• Task instructions
Up to and including the line with "with (0 + (1", return every line from the start of the entries below exactly.
══ Information supplied
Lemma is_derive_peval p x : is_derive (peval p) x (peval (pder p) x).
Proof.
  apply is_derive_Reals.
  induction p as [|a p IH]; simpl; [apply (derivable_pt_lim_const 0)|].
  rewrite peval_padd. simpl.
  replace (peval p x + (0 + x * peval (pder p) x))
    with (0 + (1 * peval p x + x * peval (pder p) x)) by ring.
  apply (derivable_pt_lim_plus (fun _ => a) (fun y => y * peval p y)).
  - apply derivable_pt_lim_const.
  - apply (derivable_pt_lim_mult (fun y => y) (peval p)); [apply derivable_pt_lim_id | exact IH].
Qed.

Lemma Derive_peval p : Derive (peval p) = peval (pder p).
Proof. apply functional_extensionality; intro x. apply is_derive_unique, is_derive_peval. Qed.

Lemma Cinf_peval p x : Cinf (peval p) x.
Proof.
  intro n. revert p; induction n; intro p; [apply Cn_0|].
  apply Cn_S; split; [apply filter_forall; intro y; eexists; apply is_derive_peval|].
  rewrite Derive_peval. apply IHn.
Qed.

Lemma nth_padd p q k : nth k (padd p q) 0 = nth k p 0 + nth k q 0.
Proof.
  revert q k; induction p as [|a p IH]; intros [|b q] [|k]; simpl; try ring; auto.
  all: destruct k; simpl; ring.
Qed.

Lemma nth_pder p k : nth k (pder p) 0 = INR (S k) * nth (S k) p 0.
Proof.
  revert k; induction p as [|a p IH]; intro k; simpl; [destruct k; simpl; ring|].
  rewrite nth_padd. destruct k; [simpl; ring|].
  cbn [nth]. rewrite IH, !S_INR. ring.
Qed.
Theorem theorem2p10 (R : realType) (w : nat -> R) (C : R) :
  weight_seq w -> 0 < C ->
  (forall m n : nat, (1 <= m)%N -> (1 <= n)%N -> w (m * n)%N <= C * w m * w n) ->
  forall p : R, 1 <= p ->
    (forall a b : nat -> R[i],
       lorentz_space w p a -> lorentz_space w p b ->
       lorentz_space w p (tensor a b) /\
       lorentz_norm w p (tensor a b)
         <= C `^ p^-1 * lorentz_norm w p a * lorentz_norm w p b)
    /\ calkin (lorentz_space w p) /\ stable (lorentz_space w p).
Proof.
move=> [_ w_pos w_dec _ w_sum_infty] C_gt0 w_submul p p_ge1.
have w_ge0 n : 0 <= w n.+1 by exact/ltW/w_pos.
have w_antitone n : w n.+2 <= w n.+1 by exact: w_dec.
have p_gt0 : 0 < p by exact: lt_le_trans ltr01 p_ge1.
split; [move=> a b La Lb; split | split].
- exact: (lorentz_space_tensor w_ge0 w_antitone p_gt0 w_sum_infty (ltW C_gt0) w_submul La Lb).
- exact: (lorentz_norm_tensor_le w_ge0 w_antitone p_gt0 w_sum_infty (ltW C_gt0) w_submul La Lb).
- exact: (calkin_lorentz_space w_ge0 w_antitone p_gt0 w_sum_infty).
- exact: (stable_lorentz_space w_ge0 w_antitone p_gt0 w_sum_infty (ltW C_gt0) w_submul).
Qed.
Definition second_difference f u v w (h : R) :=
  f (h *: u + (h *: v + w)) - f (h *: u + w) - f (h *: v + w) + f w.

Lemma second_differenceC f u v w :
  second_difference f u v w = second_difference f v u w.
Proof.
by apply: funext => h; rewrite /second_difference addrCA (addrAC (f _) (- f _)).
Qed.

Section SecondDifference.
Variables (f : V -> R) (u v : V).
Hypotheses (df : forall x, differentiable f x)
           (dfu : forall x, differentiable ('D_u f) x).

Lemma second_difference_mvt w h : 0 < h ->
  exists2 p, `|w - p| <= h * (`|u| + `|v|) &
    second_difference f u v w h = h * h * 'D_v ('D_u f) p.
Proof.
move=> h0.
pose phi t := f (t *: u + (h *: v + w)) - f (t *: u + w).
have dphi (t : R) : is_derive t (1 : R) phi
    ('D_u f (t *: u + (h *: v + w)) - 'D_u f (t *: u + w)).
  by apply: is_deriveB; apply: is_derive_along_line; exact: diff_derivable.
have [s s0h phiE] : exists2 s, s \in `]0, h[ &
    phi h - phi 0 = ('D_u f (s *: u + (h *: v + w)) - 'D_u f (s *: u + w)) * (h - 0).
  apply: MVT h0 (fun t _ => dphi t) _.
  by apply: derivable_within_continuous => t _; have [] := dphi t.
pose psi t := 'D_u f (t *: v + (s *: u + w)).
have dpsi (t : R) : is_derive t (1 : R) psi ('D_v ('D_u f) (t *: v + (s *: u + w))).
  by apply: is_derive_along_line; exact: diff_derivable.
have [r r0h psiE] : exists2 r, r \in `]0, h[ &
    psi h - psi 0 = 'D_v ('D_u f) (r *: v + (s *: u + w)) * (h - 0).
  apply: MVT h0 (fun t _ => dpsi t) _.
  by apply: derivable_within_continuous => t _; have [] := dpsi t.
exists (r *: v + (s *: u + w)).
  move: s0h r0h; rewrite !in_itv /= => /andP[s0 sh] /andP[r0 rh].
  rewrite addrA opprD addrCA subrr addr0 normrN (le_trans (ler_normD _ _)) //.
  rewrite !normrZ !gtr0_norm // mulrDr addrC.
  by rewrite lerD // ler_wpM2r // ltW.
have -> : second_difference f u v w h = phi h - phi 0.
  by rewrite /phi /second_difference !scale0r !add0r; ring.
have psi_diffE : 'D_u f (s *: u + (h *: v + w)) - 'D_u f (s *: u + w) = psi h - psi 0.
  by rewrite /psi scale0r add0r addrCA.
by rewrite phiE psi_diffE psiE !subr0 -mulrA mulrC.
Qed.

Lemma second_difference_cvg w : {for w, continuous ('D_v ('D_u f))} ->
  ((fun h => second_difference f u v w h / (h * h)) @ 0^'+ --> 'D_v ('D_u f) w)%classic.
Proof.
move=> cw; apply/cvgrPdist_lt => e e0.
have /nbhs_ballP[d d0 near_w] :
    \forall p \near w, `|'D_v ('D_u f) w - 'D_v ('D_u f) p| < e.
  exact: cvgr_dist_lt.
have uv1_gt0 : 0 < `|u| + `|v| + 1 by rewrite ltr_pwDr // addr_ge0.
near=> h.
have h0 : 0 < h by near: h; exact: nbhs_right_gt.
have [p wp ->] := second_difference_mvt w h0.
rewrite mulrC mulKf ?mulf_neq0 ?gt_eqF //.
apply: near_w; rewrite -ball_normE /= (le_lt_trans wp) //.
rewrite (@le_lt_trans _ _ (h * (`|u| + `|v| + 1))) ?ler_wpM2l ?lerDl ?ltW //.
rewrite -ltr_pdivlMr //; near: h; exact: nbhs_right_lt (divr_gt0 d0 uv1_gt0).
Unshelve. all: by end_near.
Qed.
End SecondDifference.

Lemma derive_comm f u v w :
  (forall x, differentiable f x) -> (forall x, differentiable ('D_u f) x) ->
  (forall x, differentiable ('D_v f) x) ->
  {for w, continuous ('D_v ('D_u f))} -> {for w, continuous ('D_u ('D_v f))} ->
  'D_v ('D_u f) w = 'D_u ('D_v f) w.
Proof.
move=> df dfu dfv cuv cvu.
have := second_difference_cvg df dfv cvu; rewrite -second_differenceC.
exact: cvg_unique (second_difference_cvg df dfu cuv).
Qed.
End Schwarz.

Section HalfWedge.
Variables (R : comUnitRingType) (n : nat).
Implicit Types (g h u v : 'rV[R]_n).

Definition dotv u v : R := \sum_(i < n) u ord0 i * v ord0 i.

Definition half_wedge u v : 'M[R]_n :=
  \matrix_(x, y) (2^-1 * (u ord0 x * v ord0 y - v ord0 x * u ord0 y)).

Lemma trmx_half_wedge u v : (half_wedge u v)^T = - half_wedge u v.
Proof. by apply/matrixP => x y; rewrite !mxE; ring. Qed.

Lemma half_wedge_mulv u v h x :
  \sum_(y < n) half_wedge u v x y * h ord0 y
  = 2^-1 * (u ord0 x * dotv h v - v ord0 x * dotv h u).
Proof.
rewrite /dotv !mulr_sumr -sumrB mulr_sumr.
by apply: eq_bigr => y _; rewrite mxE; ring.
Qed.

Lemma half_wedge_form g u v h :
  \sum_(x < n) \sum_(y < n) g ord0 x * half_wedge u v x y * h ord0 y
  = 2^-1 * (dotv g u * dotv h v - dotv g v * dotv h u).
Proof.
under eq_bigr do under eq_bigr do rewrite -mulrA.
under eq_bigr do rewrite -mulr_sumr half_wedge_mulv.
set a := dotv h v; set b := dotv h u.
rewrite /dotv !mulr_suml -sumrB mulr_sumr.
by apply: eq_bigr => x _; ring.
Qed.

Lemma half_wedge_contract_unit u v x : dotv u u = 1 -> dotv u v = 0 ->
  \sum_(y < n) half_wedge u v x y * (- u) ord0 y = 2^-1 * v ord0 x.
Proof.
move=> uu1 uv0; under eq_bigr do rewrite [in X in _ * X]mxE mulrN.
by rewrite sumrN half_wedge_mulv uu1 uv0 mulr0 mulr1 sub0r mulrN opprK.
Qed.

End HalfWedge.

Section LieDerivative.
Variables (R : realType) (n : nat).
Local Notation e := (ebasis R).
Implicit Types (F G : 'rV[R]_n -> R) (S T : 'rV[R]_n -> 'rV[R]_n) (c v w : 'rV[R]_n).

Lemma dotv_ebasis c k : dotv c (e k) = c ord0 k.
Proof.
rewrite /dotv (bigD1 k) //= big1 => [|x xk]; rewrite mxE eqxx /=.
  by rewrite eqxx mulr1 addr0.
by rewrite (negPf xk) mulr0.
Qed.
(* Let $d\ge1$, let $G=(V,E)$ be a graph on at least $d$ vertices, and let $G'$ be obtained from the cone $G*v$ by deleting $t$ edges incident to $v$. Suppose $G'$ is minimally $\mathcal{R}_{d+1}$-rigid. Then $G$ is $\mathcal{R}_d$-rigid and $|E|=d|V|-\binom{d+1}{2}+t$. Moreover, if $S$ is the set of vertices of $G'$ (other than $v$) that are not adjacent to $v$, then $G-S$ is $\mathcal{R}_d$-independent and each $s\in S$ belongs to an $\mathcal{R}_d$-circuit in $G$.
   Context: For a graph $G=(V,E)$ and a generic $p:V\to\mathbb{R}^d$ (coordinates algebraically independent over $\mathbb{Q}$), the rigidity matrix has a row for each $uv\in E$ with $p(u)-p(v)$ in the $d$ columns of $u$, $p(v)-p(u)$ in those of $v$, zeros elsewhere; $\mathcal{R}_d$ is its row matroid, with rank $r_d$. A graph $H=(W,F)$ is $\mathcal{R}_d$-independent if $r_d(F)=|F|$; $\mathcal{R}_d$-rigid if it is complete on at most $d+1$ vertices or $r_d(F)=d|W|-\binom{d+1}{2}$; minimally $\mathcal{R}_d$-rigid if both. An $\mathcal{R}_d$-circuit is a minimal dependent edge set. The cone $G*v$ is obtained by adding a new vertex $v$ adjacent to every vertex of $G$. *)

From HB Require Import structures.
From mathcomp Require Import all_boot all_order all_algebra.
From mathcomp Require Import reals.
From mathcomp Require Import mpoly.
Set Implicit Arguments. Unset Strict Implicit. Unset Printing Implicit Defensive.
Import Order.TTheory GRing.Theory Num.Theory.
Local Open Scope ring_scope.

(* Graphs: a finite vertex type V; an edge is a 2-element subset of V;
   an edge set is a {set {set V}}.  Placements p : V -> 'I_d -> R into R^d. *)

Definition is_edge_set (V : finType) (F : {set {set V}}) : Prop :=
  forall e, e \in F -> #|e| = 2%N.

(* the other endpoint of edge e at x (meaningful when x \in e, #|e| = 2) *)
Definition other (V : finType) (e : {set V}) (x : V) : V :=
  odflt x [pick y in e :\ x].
════
• Solved problem
Lemma is_derive_peval p x : is_derive (peval p) x (peval (pder p) x).
Proof.
  apply is_derive_Reals.
  induction p as [|a p IH]; simpl; [apply (derivable_pt_lim_const 0)|].
  rewrite peval_padd. simpl.
  replace (peval p x + (0 + x * peval (pder p) x))
    with (0 + (1 * peval p x + x * peval (pder p) x)) by ring.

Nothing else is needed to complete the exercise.